Когда дело доходит до рассказывания детей, им не нужен простой язык. Им нужен красивый язык.
Дело в том, что в том, где Уилл обеспокоен, она развивала новый вид смысла, как будто он был просто в центре внимания, чем кто -либо, кого она знала раньше. Все в нем было ясным, близким и непосредственным.
Я сказал ему, что собираюсь предать вас и предать Лиру, и он поверил мне, потому что я был коррумпирован и полна зла; Он выглядел так глубоко, что я был уверен, что увидит правду. Но я слишком хорошо лгал. Я лежал с каждым нервом и клетчаткой и всем, что я когда -либо делал ... Я хотел, чтобы он не нашел во мне хорошего, а он этого не сделал.

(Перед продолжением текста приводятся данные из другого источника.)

(* With $n=2p+1$ agents and complete information, the RC mechanism with abstention subgame perfect implements the majority rule: for every preference profile $R$, every subgame-perfect equilibrium yields the outcome $Maj(R)$, and some subgame-perfect equilibrium yields $Maj(R)$.
   Context: Agents $I=\{1,\dots,n\}$, $n=2p+1$, options $A=\{a,b\}$, strict preferences over $A$, commonly known. Majority rule: $Maj(R)=a$ if at least $p+1$ agents prefer $a$, else $b$. Lotteries are compared by stochastic dominance (an agent preferring $x$ weakly (strictly) prefers $\beta$ to $\eta$ iff $\beta(x)\ge\eta(x)$ ($>$)). RC mechanism with abstention: Voting stage: each agent simultaneously chooses $v_i\in\{a,b,\mathrm{abs}\}$; the profile $v$ is publicly announced. If $a$ and $b$ receive equally many votes (including the case where everyone abstains), the outcome is the lottery giving probability $1/2$ to each option. Otherwise the option with more votes is the Voting-stage winner, and a Confirmation stage follows: $p+1$ agents are drawn uniformly at random from all agents and ordered uniformly, $\pi_1,\dots,\pi_{p+1}$; sequentially, as long as nobody has announced $Y$, agent $\pi_t$ announces $Y$, $N$, or abstains. If some agent announces $Y$, the outcome is the Voting-stage winner; if all announce $N$ or abstain, the outcome is the lottery $\beta(v)$ with $\beta_a(v)=|\{i:v_i=a\}|/(|\{i:v_i=a\}|+|\{i:v_i=b\}|)$, $\beta_b(v)=1-\beta_a(v)$. *)

(* Lotteries over {a,b} are represented by the probability
   of option a (a rational number). *)
From HB Require Import structures.
From mathcomp Require Import all_boot all_order all_algebra.
Set Implicit Arguments. Unset Strict Implicit. Unset Printing Implicit Defensive.
Import Order.TTheory GRing.Theory Num.Theory.
Local Open Scope ring_scope.

Section RC.
Variable p : nat.

Definition agent := 'I_(p.*2.+1).

Definition vote := option bool.
Definition vA : vote := Some true.
Definition vB : vote := Some false.
Definition vAbs : vote := None.

Definition ann := option bool.
Definition annY : ann := Some true.
Definition annN : ann := Some false.
Definition annAbs : ann := None.

(* preference profile: R i = true iff agent i prefers a to b *)
Definition profile := agent -> bool.
Definition vprofile := agent -> vote.
(* an ordered draw pi_1..pi_{p+1} (uniform over injective tuples) *)
Definition draw := (p.+1).-tuple agent.

Definition nA (v : vprofile) : nat := #|[pred i | v i == vA]|.
Definition nB (v : vprofile) : nat := #|[pred i | v i == vB]|.
Definition tie (v : vprofile) : bool := nA v == nB v.

(* probability of a under the Voting-stage winner (used when no tie) *)
Definition winner_prob (v : vprofile) : rat := if (nB v < nA v)%N then 1 else 0.
Definition beta_a (v : vprofile) : rat := (nA v)%:R / (nA v + nB v)%:R.

(* utility of a lottery (prob q of a) for agent i; stochastic dominance
   over {a,b} is exactly comparison of this quantity *)
Definition util (R : profile) (i : agent) (q : rat) : rat := if R i then q else 1 - q.

Definition maj_prob (R : profile) : rat :=
  if (p.+1 <= #|[pred i | R i]|)%N then 1 else 0.

(* confirmation-stage strategy: given the announced vote profile, the
   (publicly observed) draw, and the announcements made so far *)
Definition cstrat := vprofile -> draw -> seq ann -> ann.

Record strategy := Strategy {
  svote : agent -> vote;
  sconf : agent -> cstrat }.

Fixpoint conf_run (sc : agent -> cstrat) (v : vprofile) (pi : draw) (k : nat)
    (h : seq ann) : rat :=
  match k with
  | 0 => beta_a v
  | k'.+1 =>
      let j := nth ord0 pi (size h) in
      let a := sc j v pi h in
      if a == annY then winner_prob v else conf_run sc v pi k' (rcons h a)
  end.

Definition conf_out (sc : agent -> cstrat) (v : vprofile) (pi : draw) (h : seq ann) : rat :=
  conf_run sc v pi (p.+1 - size h) h.

Definition conf_avg (sc : agent -> cstrat) (v : vprofile) : rat :=
  (\sum_(pi : draw | uniq pi) conf_out sc v pi [::])
    / (#|[pred pi : draw | uniq pi]|)%:R.

Definition outcome (s : strategy) : rat :=
  let v := svote s in if tie v then 1 / 2 else conf_avg (sconf s) v.

Definition dev_conf (sc : agent -> cstrat) (i : agent) (c : cstrat) : agent -> cstrat :=
  fun j => if j == i then c else sc j.

Definition dev (s : strategy) (i : agent) (vi : vote) (c : cstrat) : strategy :=
  Strategy (fun j => if j == i then vi else svote s j) (dev_conf (sconf s) i c).

Definition SPE (R : profile) (s : strategy) : Prop :=
  (forall i vi c, util R i (outcome (dev s i vi c)) <= util R i (outcome s)) /\
  (forall v : vprofile, ~~ tie v -> forall i c,
      util R i (conf_avg (dev_conf (sconf s) i c) v) <= util R i (conf_avg (sconf s) v)) /\
  (forall (v : vprofile) (pi : draw) (h : seq ann),
      ~~ tie v -> uniq pi -> (size h <= p)%N -> all (fun a => a != annY) h ->
      forall i c,
      util R i (conf_out (dev_conf (sconf s) i c) v pi h) <= util R i (conf_out (sconf s) v pi h)).

End RC.

From mathcomp Require Import all_boot all_order all_algebra.
From mathcomp Require Import zify ring lra.
From Stdlib Require Import FunctionalExtensionality.
Set Implicit Arguments. Unset Strict Implicit. Unset Printing Implicit Defensive.
Import Order.TTheory GRing.Theory Num.Theory.
Local Open Scope ring_scope.

(* In any subgame-perfect continuation of the confirmation stage the outcome is
   the Voting-stage winner as soon as one drawn agent prefers it (that agent can
   confirm), and beta(v) otherwise (the drawn agents, all opposed to the winner,
   can keep refusing).  At most p agents oppose the majority option m, so every
   draw of p+1 agents contains a supporter of m and a vote won by m yields m.
   If m does not win the vote, some supporter of m did not vote for m; when m
   loses, the probability of m is P(all drawn agents prefer m) * beta_m(v) < 1/2,
   and switching that vote to m makes m win, creates a tie, or raises beta_m
   while keeping the draw probability, so it strictly helps.  Hence every
   equilibrium yields m, and sincere voting followed by "confirm iff you prefer
   the winner" is an equilibrium. *)

Section Mean.
Variables (K : realFieldType) (T : finType) (P : pred T).
Implicit Types (f g : T -> K) (c : K).

Definition mean f : K := (\sum_(x | P x) f x) / #|[pred x | P x]|%:R.

Lemma eq_mean f g : (forall x, P x -> f x = g x) -> mean f = mean g.
Proof. by move=> fg; rewrite /mean (eq_bigr g). Qed.

Lemma ler_mean f g : (forall x, P x -> f x <= g x) -> mean f <= mean g.
Proof. by move=> fg; rewrite /mean ler_wpM2r ?invr_ge0 ?ler0n // ler_sum. Qed.

Lemma meanMr f c : mean (fun x => f x * c) = mean f * c.
Proof. by rewrite /mean -mulr_suml mulrAC. Qed.

Lemma mean_gt0 f : (forall x, P x -> 0 <= f x) -> (exists2 x, P x & 0 < f x) -> 0 < mean f.
Proof.
move=> f_ge0 [x Px fx_gt0].
have card_gt0 : 0 < #|[pred x | P x]|%:R :> K by rewrite ltr0n; apply/card_gt0P; exists x.
rewrite /mean divr_gt0 // (bigD1 x) //=; apply: ltr_pwDl => //.
by apply: sumr_ge0 => y /andP[Py _]; apply: f_ge0.
Qed.

Hypothesis P_nonempty : (0 < #|[pred x | P x]|)%N.

Lemma mean_const c : mean (fun=> c) = c.
Proof.
rewrite /mean (eq_bigl (fun x => x \in [pred x | P x])) // sumr_const -[c *+ _]mulr_natr.
by rewrite mulfK // pnatr_eq0 -lt0n.
Qed.

Lemma meanBl c f : mean (fun x => c - f x) = c - mean f.
Proof. by rewrite /mean sumrB mulrBl -/(mean (fun=> c)) mean_const. Qed.

End Mean.

Lemma exists_uniq_tuple (T : finType) (A : pred T) n :
  (n <= #|A|)%N -> exists t : n.-tuple T, uniq t && all A t.
Proof.
move=> le_n_A; have size_t : size (take n (enum A)) == n by rewrite size_takel // -cardE.
exists (Tuple size_t); rewrite take_uniq ?enum_uniq //=.
by apply/allP => x /mem_take; rewrite mem_enum.
Qed.

Lemma uniq_tuple_has (T : finType) (A : pred T) n (t : n.-tuple T) :
  uniq t -> (#|[pred x | ~~ A x]| < n)%N -> has A t.
Proof.
move=> t_uniq small_compl; apply/negPn/negP; rewrite -all_predC => /allP notA.
have : (#|t| <= #|[pred x | ~~ A x]|)%N by apply/subset_leq_card/subsetP => x /notA.
by rewrite (card_uniqP t_uniq) size_tuple leqNgt small_compl.
Qed.

Lemma ltr_frac_succ (K : realFieldType) (a b b' : nat) : (b' <= b)%N -> (0 < b)%N ->
  a%:R / (a + b)%:R < a.+1%:R / (a.+1 + b')%:R :> K.
Proof.
move=> le_b'b b_gt0.
have den_gt0 : 0 < (a + b)%:R :> K by rewrite ltr0n addn_gt0 b_gt0 orbT.
rewrite ltr_pdivrMr // mulrAC ltr_pdivlMr ?ltr0n // -!natrM ltr_nat; nia.
Qed.

Definition prob_of (x : bool) (q : rat) : rat := if x then q else 1 - q.

Lemma utilE p (R : profile p) i q : util R i q = prob_of (R i) q.
Proof. by []. Qed.

Lemma prob_ofN x q : prob_of (~~ x) q = 1 - prob_of x q.
Proof. by case: x => /=; ring. Qed.

Lemma prob_of_01 x q : 0 <= q <= 1 -> 0 <= prob_of x q <= 1.
Proof. by case: x => //= /andP[? ?]; apply/andP; split; lra. Qed.

Lemma prob_of_eq1 x q : prob_of x q = 1 -> q = if x then 1 else 0.
Proof. by case: x => //=; lra. Qed.

Lemma prob_of_half x : prob_of x (1 / 2) = 1 / 2.
Proof. by case: x => /=; lra. Qed.

Lemma mean_prob_of (T : finType) (P : pred T) (f : T -> rat) x :
  (0 < #|[pred y | P y]|)%N -> prob_of x (mean P f) = mean P (fun y => prob_of x (f y)).
Proof. by case: x => //= P_nonempty; rewrite meanBl. Qed.

Section Votes.
Variable p : nat.
Implicit Types (v : vprofile p) (x : bool).

Definition votes v x : nat := #|[pred i | v i == Some x]|.

Definition winner v : bool := (nB v < nA v)%N.

Definition set_vote v (i : agent p) (y : vote) : vprofile p :=
  fun j => if j == i then y else v j.

Lemma tieE v x : tie v = (votes v x == votes v (~~ x)).
Proof. by case: x; rewrite /tie // eq_sym. Qed.

Lemma winnerE v x : (votes v (~~ x) < votes v x)%N -> winner v = x.
Proof. by rewrite /winner; case: x => //= lt_AB; apply/negbTE; rewrite -leqNgt ltnW. Qed.

Lemma votes_total v x : (votes v x + votes v (~~ x) <= p.*2.+1)%N.
Proof.
rewrite -[p.*2.+1]card_ord -(cardC [pred i | v i == Some x]) leq_add2l.
by apply/subset_leq_card/subsetP => j; rewrite !inE => /eqP ->; case: x.
Qed.

Lemma votes_set v i y z :
  (votes (set_vote v i y) z + (v i == Some z) = votes v z + (y == Some z))%N.
Proof.
rewrite /votes (cardD1 i) [in RHS](cardD1 i) !inE /set_vote eqxx.
rewrite [in LHS]addnC addnA [in RHS]addnAC; congr (_ + _)%N.
by apply: eq_card => j; rewrite !inE; case: eqP.
Qed.

Lemma prob_of_winner v : prob_of (winner v) (winner_prob v) = 1.
Proof. by rewrite /winner_prob -/(winner v); case: winner. Qed.

Lemma prob_of_loser v : prob_of (~~ winner v) (winner_prob v) = 0.
Proof. by rewrite prob_ofN prob_of_winner subrr. Qed.
Ltac scan_unchanged := apply: within_done; right; eexists; eexists; split; last exact: leqnn;
  apply: mk_scan_state => //; try (by simpl; rewrite_regs).

Lemma scan_N_ok V stk cur s :
  scan_state 42 V stk cur 0 s -> within P 22 s (scan_post 60 V stk cur 1).
Proof.
case: s => p R M [/= -> [R1 R2 R10 R11 [R13 R14 R15]] R3 R4 [R5 mem_s inv_V Vcur closed_cur]].
have in_cur : inb cur by case: inv_V => _ inv_p _ _; case: (inv_p _ Vcur).
case Dd: (D N).
- have := back_N op in_cur; case boundary: (cur.2 - 1 == 0) => back_cur.
  + do 4 exec; scan_unchanged; apply: (closed_upto_next (d := N)) => // _ open_back.
    by rewrite open_back in back_cur.
  + case: back_cur => in_q addr_q; do 6 exec.
    apply: within_le (visit_ok (b := 48) (d := N) (q := back N cur) _ _ _ _ _ _ _ _ _ _ _ _ _ _ _)
      => //.
    by rewrite /back /shiftp /= subn1.
- do 2 exec; scan_unchanged; apply: (closed_upto_next (d := N)) => //; by rewrite Dd.
Qed.

Lemma scan_S_ok V stk cur s :
  scan_state 60 V stk cur 1 s -> within P 22 s (scan_post 78 V stk cur 2).
Proof.
case: s => p R M [/= -> [R1 R2 R10 R11 [R13 R14 R15]] R3 R4 [R5 mem_s inv_V Vcur closed_cur]].
have in_cur : inb cur by case: inv_V => _ inv_p _ _; case: (inv_p _ Vcur).
case Dd: (D S).
- have := back_S op in_cur; case boundary: (n - cur.2 == 0) => back_cur.
  + do 4 exec; scan_unchanged; apply: (closed_upto_next (d := S)) => // _ open_back.
    by rewrite open_back in back_cur.
  + case: back_cur => in_q addr_q; do 6 exec.
    apply: within_le (visit_ok (b := 66) (d := S) (q := back S cur) _ _ _ _ _ _ _ _ _ _ _ _ _ _ _)
      => //.
    by rewrite /back /shiftp /= addn1.
- do 2 exec; scan_unchanged; apply: (closed_upto_next (d := S)) => //; by rewrite Dd.
Qed.

Lemma scan_E_ok V stk cur s :
  scan_state 78 V stk cur 2 s -> within P 22 s (scan_post 96 V stk cur 3).
Proof.
case: s => p R M [/= -> [R1 R2 R10 R11 [R13 R14 R15]] R3 R4 [R5 mem_s inv_V Vcur closed_cur]].
have in_cur : inb cur by case: inv_V => _ inv_p _ _; case: (inv_p _ Vcur).
case Dd: (D E).
- have := back_E op in_cur; case boundary: (addr cur - (3 + n) == 0) => back_cur.
  + do 4 exec; scan_unchanged; apply: (closed_upto_next (d := E)) => // _ open_back.
    by rewrite open_back in back_cur.
  + case: back_cur => in_q addr_q; do 6 exec.
    apply: within_le (visit_ok (b := 84) (d := E) (q := back E cur) _ _ _ _ _ _ _ _ _ _ _ _ _ _ _)
      => //.
    by rewrite /back /shiftp /= addn0.
- do 2 exec; scan_unchanged; apply: (closed_upto_next (d := E)) => //; by rewrite Dd.
Qed.
(* Since y_j0 = 0, the slacks in column j0 pin x, and then those in row i0 pin y. *)
Lemma slack_slice_bounded al be : 0 <= al ->
  exists M, forall v, slack_slice al be v -> forall k, `|v ord0 k| <= M.
Proof.
move=> al_ge0; pose cb := \big[Num.max/0]_(k : 'I_n1 * 'I_n2) `|C k.1 k.2|.
have C_le i j : `|C i j| <= cb by exact: (le_bigmax _ (fun k => `|C k.1 k.2|) (i, j)).
have cb_ge0 : 0 <= cb by exact: bigmax_ge_id.
exists (2 * (cb + be)) => v /slack_sliceP[y0 inbox]; set z := pair_of_row v in y0 inbox.
have s_abs i j : `|slack C z i j| <= be.
  by have /andP[s_ge s_le] := inbox i j; rewrite ger0_norm //; lra.
have x_le i : `|z.1 i ord0| <= cb + be.
  have -> : z.1 i ord0 = C i j0 - slack C z i j0 by rewrite /slack y0; ring.
  by apply: le_trans (ler_normB _ _) _; apply: lerD.
have y_le j : `|z.2 j ord0| <= 2 * (cb + be).
  have -> : z.2 j ord0 = C i0 j - z.1 i0 ord0 - slack C z i0 j by rewrite /slack; ring.
  apply: le_trans (ler_normB _ _) _; apply: le_trans (lerD (ler_normB _ _) (s_abs i0 j)) _.
  by have := C_le i0 j; have := x_le i0; lra.
move=> k; rewrite -(splitK k); case: (split k) => [i|j] /=; last first.
  by rewrite -pair_of_row2 -/z.
rewrite -pair_of_row1 -/z; apply: le_trans (x_le i) _.
by have := inbox i0 j0; lra.
Qed.

(* phi is invariant along (1, -1), so it is enough to maximise over the compact slice
   y_j0 = 0 of the box. *)
Lemma exists_max_on_slack_box al be : 0 < al -> (exists z, slack_box al be z) ->
  exists2 c, slack_box al be c &
    forall z, slack_box al be z -> phi p1 p2 eps C z <= phi p1 p2 eps C c.
Proof.
move=> al_gt0 [z0 z0_box].
have normalize z : slack_box al be z -> slack_slice al be (row_of_pair (shift z (z.2 j0 ord0))).
  move=> z_box; apply/slack_sliceP; rewrite row_of_pairK; split.
    by rewrite /shift /= !mxE mulr1 subrr.
  by move=> i j; rewrite slack_shift.
have F_cont v : slack_slice al be v ->
    {for v, continuous (fun w => phi p1 p2 eps C (pair_of_row w))}.
  case/slack_sliceP => _ inbox; apply: continuous_phi_pair_of_row => i j.
  by have := inbox i j; lra.
have [M slice_bounded] := slack_slice_bounded be (ltW al_gt0).
have [c /slack_sliceP[_ c_box] c_max] := bounded_closed_max_rV
  (ex_intro _ _ (normalize z0 z0_box)) (@closed_slack_slice al be) slice_bounded F_cont.
exists (pair_of_row c) => // z /normalize/c_max.
by rewrite row_of_pairK phi_shift.
Qed.

Lemma exists_Dhat : exists z, Dhat C z.
Proof.
pose cb := \big[Num.max/0]_(k : 'I_n1 * 'I_n2) `|C k.1 k.2|.
exists (const_mx (- (cb + 1)), 0); apply/Dhat_slack => i j.
have := le_bigmax 0 (fun k : 'I_n1 * 'I_n2 => `|C k.1 k.2|) (i, j).
by rewrite /slack /= !mxE -/cb ler_norml => /andP[C_ge _]; lra.
Qed.

Lemma exists_Voset_Umat : exists2 z, Dhat C z & Voset p1 p2 (Umat C eps z).
Proof.
have [z0 Dz0] := exists_Dhat.
have [al al_gt0 [be bounds]] := slack_bounds_of_phi_ge (phi p1 p2 eps C z0).
have z0_box : slack_box al (be + al) z0.
  by move=> i j; have /andP[] := bounds z0 Dz0 (lexx _) i j; lra.
have [c c_box c_max] := exists_max_on_slack_box al_gt0 (ex_intro _ z0 z0_box).
have Dc : Dhat C c by apply/Dhat_slack => i j; have /andP[] := c_box i j; lra.
have c_bounds := bounds c Dc (c_max z0 z0_box).
have perturb_box k l t (b : bool) : - al <= t <= al ->
    al <= slack C c k l - t * b%:R <= be + al.
  by case: b; rewrite ?mulr1 ?mulr0 ?subr0 => /andP[t_ge t_le];
    have /andP[] := c_bounds k l; lra.
exists c => //; apply: Voset_Umat_of_sums => // [i|j].
- apply: (row_sum_of_max (p2 := p2) eps_gt0 al_gt0 Dc) => [j|t t_in].
    by case/andP: (c_bounds i j).
  by apply: c_max => k l; rewrite slack_movex; exact: perturb_box.
- apply: (col_sum_of_max (p1 := p1) eps_gt0 al_gt0 Dc) => [i|t t_in].
    by case/andP: (c_bounds i j).
  by apply: c_max => k l; rewrite slack_movey; exact: perturb_box.
Qed.

End Existence.

Section Optimum.
Variables (R : realType) (n1 n2 : nat) (C : 'M[R]_(n1, n2)) (eps : R).
Variables (p1 : 'cV[R]_n1) (p2 : 'cV[R]_n2).
Hypotheses (eps_gt0 : 0 < eps) (sum_p : sumv p1 = sumv p2).
Variables (i0 : 'I_n1) (j0 : 'I_n2) (u : 'cV[R]_n1 * 'cV[R]_n2).
Hypotheses (Du : Dset C u) (VU : Voset p1 p2 (Umat C eps u)).
Implicit Types (z w : 'cV[R]_n1 * 'cV[R]_n2) (V : 'M[R]_(n1, n2)).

Нет.
Сказка находится в постоянном состоянии становления и изменения. Чтобы оставить одну версию или один перевод, - это поставить Робин Редбрэст в клетку.
Она спросила: что он? Друг или враг? Алетиометр ответил: он убийца. Когда она увидела ответ, она сразу расслабилась. Он мог найти еду и показать ей, как добраться до Оксфорда, и это были полезные силы, но он все еще мог быть ненадежным или трусливым. Убийца был достойным компаньоном. Она чувствовала себя так же в безопасности с ним, как и с Иореком Бирнисоном, бронированным медведем.
Мне кажется,-сказал Ли, чувствуя слова,-кажется, мне, где вы боретесь с жестокостью,-это то, где вы его найдете, и место, где вы оказываете помощь,-это то, где вы видите необходимым.
Христианская религия - очень сильная и убедительная ошибка.
... когда все открытия были закрыты, тогда все мира будут восстановлены в своих правильных отношениях друг с другом, Лирас Оксфорд и Уиллс снова будет лежать друг на друга, как прозрачные изображения на двух листах фильма, которые будут сдвинуты ближе и ближе, пока Они объединят, что никогда не будут по -настоящему трогать.